I pressed my fingers to my eyes until stars burst. “He’s on a train,” I said to the darkness behind my lids. “He’s gone because I told him he had to be. Because I let your fear wear my voice.”
Dad’s chair creaked. I heard him stand. The floorboards complained the way they always had in this room, the left one by the hearth a half-tone higher than the rest. He came to stand beside me but didn’t touch me.
“Then go get him,” he said quietly. “Or don’t.
But whatever you do next, let it be yours. Not mine. Not your brother’s.”
I let my hands fall. The room swam back in. His face looked carved out of the same wood as the mantle—worn, nicked, still standing.
“I can’t fix what I broke,” I said. “Not with a key. Not with proof. But I can decide what breaks next.”
“And what holds,” he said.
“And what holds,” I echoed.
We looked at each other for a long time, the way men look when they are taking inventory of what remains after a storm.
His eyes were red. So were mine. There was nothing elegant about any of it.
We were two people in a room with a fire and a handful of facts and a future that had stopped pretending to be polite.
“I loved you,” he said, and I heard the tense like an accusation and an offering. “I love you. Not well. Not enough. But I do.”
“I know,” I said, because it was the cruel thing and the kind thing at once. Tears kept going, stubborn as the rain. “And I hate you for it tonight.”
He nodded like that was fair—like he’d brought exactly this to the door and should have expected to carry some of it back out.

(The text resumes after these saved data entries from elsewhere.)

(* The suffix order is determined by first letters and by the
   order of the successor suffixes; position n has the empty successor. *)
Section SuccessorCriterion.
Variables (n : nat) (T : seq bool) (p : seq nat) (R : nat -> nat).
Hypothesis size_T : size T = n.
Hypothesis size_p : size p = n.
Hypothesis p_range : forall a, a < n -> 0 < nth 0 p a <= n.
Hypothesis R_p : forall a, a < n -> R (nth 0 p a) = a.
Hypothesis p_R : forall j, 0 < j <= n -> R j < n /\ nth 0 p (R j) = j.

Definition successor_condition : Prop :=
  forall a b, a < b < n ->
    (letter T (nth 0 p a) ==> letter T (nth 0 p b)) /\
    (letter T (nth 0 p a) = letter T (nth 0 p b) ->
       nth 0 p b <> n /\
       (nth 0 p a <> n -> R (nth 0 p a).+1 < R (nth 0 p b).+1)).

Lemma sorted_successor : suffixes_sorted T p -> successor_condition.
Proof.
rewrite /suffixes_sorted size_p => sorted_p a b Hab.
have [Ha Hb] : a < n /\ b < n by lia.
have [Pa Pb] := (p_range a Ha, p_range b Hb).
have := sorted_p a b Hab.
rewrite (suffix_cons T (nth 0 p a)) ?size_T // (suffix_cons T (nth 0 p b)) ?size_T //.
move=> first_lt; split; first by move: first_lt; case: (letter T _) (letter T _) => [] [].
move=> Eab; move: first_lt; rewrite Eab lex_cons_same => next_lt.
have Pbn : nth 0 p b <> n.
  by move=> E; move: next_lt; rewrite E -size_T suffix_past_end lex_nil_r.
split=> // Pan.
have [Ra Ea] := p_R (nth 0 p a).+1 ltac:(lia).
have [Rb Eb] := p_R (nth 0 p b).+1 ltac:(lia).
case: (ltngtP (R (nth 0 p a).+1) (R (nth 0 p b).+1)) => // C.
  have := sorted_p _ _ (introT andP (conj C Ra)).
  by rewrite Ea Eb => /lex_asym; rewrite next_lt.
have : nth 0 p a = nth 0 p b by apply: succn_inj; rewrite -Ea C Eb.
by move/(congr1 R); rewrite !R_p //; lia.
Qed.

(* Sufficiency, by induction on the length n - p_a of the smaller suffix. *)
Lemma successor_sorted : successor_condition -> suffixes_sorted T p.
Proof.
move=> succ_p; rewrite /suffixes_sorted size_p.
suff H : forall d a b, n - nth 0 p a < d -> a < b < n ->
    lex_lt (suffix T (nth 0 p a)) (suffix T (nth 0 p b)).
  by move=> a b Hab; apply: (H n.+1); lia.
elim=> [|d IH] a b Hd Hab; first by have := p_range a; lia.
have [Ha Hb] : a < n /\ b < n by lia.
have [Pa Pb] := (p_range a Ha, p_range b Hb).
have [letter_mono same_letter] := succ_p a b Hab.
rewrite (suffix_cons T (nth 0 p a)) ?size_T // (suffix_cons T (nth 0 p b)) ?size_T //.
have [Eab|Nab] := eqVneq (letter T (nth 0 p a)) (letter T (nth 0 p b)); last first.
  by move: letter_mono Nab; case: (letter T _) (letter T _) => [] [].
rewrite Eab lex_cons_same; have [Pbn next_lt] := same_letter Eab.
have [Pan|Pan] := eqVneq (nth 0 p a) n.
  by rewrite Pan -size_T suffix_past_end (suffix_cons T (nth 0 p b).+1) //; lia.
have [Ra Ea] := p_R (nth 0 p a).+1 ltac:(lia).
have [Rb Eb] := p_R (nth 0 p b).+1 ltac:(lia).
rewrite -Ea -Eb; apply: IH; first by rewrite Ea; lia.
by rewrite Rb andbT; apply: next_lt; apply/eqP.
Qed.

Lemma sorted_successorP : suffixes_sorted T p <-> successor_condition.
Proof. by split; [exact: sorted_successor | exact: successor_sorted]. Qed.

End SuccessorCriterion.

(* A string whose smallest suffix is the whole string is a Lyndon word:
   each rotation starts with a larger suffix, which is not a prefix of T. *)
Lemma lyndon_of_SA T p : is_SA T p -> nth 0 p 0 = 1 -> lyndon T.
Proof.
move=> [p_perm /sorted_suffixesP sorted_p] p0 r Hr.
have size_p : size p = size T by rewrite (perm_size p_perm) size_iota.
have r_in : r.+1 \in p by rewrite (perm_mem p_perm) mem_iota; lia.
have b_lt : index r.+1 p < size p by rewrite index_mem.
have b_gt0 : 0 < index r.+1 p.
  by rewrite lt0n; apply/eqP => b0; move: (nth_index 0 r_in); rewrite b0 p0; lia.
have := sorted_p 0 _ (introT andP (conj b_gt0 b_lt)); rewrite p0 nth_index //.
rewrite /suffix drop0 /= => T_lt; apply: lex_catr => //.
by rewrite size_drop leq_subr.
Qed.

I stood. My knees trembled and held. I put the key in my pocket. The metal thunked against my thigh with the weight of a decision that hadn’t been made yet.

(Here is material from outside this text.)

(* Let $(\psi,p,A)$ be a regular normal extremal containing an interior three-bang block $Y(\ell_1)\,X(\tau_X)\,Y(\ell_2)$, i.e. three consecutive arcs, a $Y$-arc of length $\ell_1\in(0,2\pi)$, an $X$-arc of length $\tau_X=\pi/\sin\gamma$, and a $Y$-arc of length $\ell_2\in(0,2\pi)$, whose initial and final times are both switching times. If the reduced data at the initial time of the block are $(0,a,b)$ with $a\neq0$, then the reduced data at its final time are $(0,-a,b)$, i.e. the same as those produced by a single switching-to-switching $X$-arc of length $\tau_X$ started from $(0,a,b)$, while the block has total length $\ell_1+\tau_X+\ell_2>\tau_X$. Consequently, such an interior $YXY$ block cannot occur on a regular normal time-optimal extremal.
   Context: Fix $\gamma\in(0,\pi/2)$, $s=\sin\gamma$, $c=\cos\gamma$, and $X=\begin{pmatrix}0&s^2&sc\\-s^2&0&0\\-sc&0&0\end{pmatrix}$, $Y=\begin{pmatrix}0&1&0\\-1&0&0\\0&0&0\end{pmatrix}$ on $\mathbb R^3$ with standard basis $e_1,e_2,e_3$ and standard inner product. Let $\Sigma=\{\psi:\langle e_3,\psi\rangle=0\}$, $\psi_0=(0,s,c)^\top$. Time-optimal problem: over piecewise constant controls $A:[0,T]\to\{X,Y\}$ with finitely many discontinuities (switching times) and trajectories $\dot\psi=A(t)\psi$, $\psi(0)=\psi_0$, minimize $T$ subject to $\psi(T)\in\Sigma$. Maximal intervals on which $A\equiv X$ (resp. $Y$) are $X$-arcs (resp. $Y$-arcs), also called bangs. A normal extremal is such a trajectory with a nonzero absolutely continuous costate $p$ satisfying $\dot p=-A(t)^\top p$ and, for a.e. $t$, $\langle p,A(t)\psi\rangle-1=\max_{B\in\{X,Y\}}(\langle p,B\psi\rangle-1)$. Let $F_1=X-Y$, $F_2=[X,Y]$, $F_3=[Y,[X,Y]]$, and reduced data $(\phi_1,\phi_2,\phi_3)$ with $\phi_i=\langle p,F_i\psi\rangle$; the switching function is $\Phi=\phi_1$. A normal extremal is regular (bang–bang) if $\Phi$ vanishes only at isolated times and at every switching time $\phi_1=0$ and $\phi_2\neq 0$. Time-optimal means the trajectory solves the minimization problem. *)

From Stdlib Require Import Reals Lra List Sorted.
Open Scope R_scope.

At the doorway I paused. The house breathed behind me. The fire kept its small, faithful chaos. Dad stayed in his chair, hands clasped like a man praying to something that doesn’t answer quickly.
“Lock the back door,” I said, because it was easier than saying anything that mattered, and because old habits still crawl to the surface when everything else is stripped.
“I will,” he said.
I opened the door. Cold air rushed in and kissed the sweat and salt on my face. The porch light made a wet halo of the rain. I stepped into it. I didn’t look back.